## Task description
From the records below, print exactly the lines starting at the one containing "Lemma reach_path S" and ending at the one containing "Lemma component_refl S", ends included, and nothing else.

[Stored data entries]
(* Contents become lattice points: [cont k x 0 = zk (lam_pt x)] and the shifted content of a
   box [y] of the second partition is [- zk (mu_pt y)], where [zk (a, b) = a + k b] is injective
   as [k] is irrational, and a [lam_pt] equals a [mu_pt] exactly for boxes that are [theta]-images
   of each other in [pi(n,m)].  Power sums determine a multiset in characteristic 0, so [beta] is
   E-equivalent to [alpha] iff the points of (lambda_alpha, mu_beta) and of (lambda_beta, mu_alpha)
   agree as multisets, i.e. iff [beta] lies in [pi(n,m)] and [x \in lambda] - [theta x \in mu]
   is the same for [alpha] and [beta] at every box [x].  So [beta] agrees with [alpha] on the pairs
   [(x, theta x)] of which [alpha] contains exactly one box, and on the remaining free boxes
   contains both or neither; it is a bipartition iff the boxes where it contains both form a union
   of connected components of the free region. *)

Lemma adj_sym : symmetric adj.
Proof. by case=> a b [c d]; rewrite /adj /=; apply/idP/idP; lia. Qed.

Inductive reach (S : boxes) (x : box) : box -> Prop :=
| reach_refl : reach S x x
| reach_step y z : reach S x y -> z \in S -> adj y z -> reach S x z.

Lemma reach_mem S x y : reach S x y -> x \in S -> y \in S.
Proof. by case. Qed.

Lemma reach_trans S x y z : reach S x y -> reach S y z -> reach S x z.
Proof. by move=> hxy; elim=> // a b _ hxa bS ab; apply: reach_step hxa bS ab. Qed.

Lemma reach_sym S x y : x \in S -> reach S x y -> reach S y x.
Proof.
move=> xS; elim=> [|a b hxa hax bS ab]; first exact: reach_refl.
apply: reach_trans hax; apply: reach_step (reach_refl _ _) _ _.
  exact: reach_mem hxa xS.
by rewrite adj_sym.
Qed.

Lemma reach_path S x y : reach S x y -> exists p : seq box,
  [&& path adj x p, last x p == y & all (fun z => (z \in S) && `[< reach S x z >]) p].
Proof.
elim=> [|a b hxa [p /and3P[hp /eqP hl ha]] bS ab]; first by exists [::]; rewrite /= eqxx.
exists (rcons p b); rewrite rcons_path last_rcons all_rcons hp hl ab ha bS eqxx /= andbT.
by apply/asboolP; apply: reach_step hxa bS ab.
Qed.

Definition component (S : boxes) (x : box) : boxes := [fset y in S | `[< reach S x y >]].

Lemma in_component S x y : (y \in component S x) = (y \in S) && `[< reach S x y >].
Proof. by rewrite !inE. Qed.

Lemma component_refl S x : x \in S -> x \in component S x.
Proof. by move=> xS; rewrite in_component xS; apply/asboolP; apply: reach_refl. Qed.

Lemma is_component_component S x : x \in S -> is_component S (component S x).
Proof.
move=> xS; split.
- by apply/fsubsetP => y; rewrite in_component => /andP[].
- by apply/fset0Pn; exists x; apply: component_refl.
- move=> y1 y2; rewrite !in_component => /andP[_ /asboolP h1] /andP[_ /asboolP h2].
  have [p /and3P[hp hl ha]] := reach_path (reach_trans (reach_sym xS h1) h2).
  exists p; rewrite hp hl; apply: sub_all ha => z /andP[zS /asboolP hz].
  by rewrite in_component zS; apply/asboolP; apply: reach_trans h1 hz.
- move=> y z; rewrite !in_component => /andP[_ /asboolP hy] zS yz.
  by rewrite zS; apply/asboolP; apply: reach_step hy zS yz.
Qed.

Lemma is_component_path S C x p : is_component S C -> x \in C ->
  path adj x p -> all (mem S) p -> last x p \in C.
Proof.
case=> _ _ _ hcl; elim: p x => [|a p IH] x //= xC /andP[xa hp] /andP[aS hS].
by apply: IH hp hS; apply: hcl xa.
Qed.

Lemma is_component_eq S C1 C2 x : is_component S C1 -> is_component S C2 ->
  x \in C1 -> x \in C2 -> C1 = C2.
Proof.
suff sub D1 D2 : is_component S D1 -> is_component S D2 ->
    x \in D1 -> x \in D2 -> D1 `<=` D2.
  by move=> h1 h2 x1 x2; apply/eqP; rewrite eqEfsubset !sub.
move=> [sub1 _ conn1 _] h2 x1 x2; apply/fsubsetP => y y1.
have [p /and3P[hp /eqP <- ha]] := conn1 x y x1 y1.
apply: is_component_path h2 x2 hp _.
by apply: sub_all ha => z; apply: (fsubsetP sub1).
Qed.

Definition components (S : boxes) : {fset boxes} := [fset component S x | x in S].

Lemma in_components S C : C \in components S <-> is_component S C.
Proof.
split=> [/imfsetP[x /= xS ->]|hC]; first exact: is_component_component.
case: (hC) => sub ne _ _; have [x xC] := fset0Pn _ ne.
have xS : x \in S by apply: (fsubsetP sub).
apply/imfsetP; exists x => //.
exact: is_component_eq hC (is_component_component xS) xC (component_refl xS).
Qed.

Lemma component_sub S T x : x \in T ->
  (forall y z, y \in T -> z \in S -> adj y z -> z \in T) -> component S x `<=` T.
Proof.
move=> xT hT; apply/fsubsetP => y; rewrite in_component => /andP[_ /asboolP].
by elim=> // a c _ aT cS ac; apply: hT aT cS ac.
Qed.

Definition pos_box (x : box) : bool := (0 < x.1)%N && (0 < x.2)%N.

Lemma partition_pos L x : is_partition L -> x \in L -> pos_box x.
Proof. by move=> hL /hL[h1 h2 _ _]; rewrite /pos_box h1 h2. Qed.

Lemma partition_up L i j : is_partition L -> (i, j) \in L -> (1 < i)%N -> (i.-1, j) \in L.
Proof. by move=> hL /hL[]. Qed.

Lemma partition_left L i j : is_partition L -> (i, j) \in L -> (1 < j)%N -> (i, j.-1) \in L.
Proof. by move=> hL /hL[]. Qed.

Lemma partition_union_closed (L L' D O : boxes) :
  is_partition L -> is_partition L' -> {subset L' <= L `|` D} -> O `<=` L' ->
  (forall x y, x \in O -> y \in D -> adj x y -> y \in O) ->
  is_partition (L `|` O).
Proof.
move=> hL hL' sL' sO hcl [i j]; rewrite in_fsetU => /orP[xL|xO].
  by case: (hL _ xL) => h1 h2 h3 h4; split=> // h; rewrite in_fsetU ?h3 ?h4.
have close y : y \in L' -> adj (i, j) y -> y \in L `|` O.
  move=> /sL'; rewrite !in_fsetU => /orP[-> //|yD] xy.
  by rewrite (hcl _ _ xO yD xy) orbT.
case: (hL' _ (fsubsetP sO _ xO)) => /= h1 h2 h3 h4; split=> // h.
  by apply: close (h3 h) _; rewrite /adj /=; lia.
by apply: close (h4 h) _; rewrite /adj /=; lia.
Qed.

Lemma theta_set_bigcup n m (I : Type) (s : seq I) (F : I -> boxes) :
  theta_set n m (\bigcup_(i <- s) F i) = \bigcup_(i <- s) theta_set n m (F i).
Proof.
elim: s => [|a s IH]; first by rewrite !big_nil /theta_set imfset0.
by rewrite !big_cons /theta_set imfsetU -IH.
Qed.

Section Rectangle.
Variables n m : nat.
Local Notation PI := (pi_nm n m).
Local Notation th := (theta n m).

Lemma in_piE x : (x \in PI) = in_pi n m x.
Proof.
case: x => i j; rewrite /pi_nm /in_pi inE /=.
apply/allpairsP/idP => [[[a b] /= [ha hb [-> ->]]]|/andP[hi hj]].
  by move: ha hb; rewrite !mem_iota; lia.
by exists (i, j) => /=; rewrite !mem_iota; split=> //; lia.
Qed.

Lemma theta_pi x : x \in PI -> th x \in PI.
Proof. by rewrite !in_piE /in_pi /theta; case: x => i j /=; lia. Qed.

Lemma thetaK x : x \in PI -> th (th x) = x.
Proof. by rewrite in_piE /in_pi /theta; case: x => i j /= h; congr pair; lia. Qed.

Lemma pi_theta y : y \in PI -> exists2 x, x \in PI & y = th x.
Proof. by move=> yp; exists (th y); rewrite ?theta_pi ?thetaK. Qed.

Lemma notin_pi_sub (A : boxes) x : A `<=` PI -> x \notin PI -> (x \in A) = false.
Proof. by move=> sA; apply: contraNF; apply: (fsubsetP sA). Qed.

--

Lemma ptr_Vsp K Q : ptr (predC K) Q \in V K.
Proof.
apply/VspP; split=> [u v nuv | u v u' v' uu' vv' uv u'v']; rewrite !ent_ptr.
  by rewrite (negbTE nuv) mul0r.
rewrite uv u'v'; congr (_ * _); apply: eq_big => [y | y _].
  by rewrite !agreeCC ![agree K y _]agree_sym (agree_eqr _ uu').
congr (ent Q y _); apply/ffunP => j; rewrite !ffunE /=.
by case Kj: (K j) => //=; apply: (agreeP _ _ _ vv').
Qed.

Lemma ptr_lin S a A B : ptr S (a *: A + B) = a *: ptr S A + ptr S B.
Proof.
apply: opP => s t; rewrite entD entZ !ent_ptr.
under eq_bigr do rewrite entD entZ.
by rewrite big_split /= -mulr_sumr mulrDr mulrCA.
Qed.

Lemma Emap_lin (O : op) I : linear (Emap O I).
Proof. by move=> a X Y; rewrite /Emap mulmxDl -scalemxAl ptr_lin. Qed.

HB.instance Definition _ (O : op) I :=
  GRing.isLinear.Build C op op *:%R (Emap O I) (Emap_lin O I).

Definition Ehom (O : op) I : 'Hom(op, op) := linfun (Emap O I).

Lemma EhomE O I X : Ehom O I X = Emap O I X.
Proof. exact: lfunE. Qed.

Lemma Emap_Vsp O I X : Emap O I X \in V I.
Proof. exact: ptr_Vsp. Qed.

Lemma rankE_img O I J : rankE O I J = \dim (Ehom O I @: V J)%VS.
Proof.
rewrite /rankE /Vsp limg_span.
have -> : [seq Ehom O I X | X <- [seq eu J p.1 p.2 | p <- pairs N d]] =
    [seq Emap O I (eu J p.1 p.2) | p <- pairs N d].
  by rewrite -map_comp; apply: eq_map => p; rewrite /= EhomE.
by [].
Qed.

## Result of the task
Lemma reach_path S x y : reach S x y -> exists p : seq box,
  [&& path adj x p, last x p == y & all (fun z => (z \in S) && `[< reach S x z >]) p].
Proof.
elim=> [|a b hxa [p /and3P[hp /eqP hl ha]] bS ab]; first by exists [::]; rewrite /= eqxx.
exists (rcons p b); rewrite rcons_path last_rcons all_rcons hp hl ab ha bS eqxx /= andbT.
by apply/asboolP; apply: reach_step hxa bS ab.
Qed.

Definition component (S : boxes) (x : box) : boxes := [fset y in S | `[< reach S x y >]].

Lemma in_component S x y : (y \in component S x) = (y \in S) && `[< reach S x y >].
Proof. by rewrite !inE. Qed.

Lemma component_refl S x : x \in S -> x \in component S x.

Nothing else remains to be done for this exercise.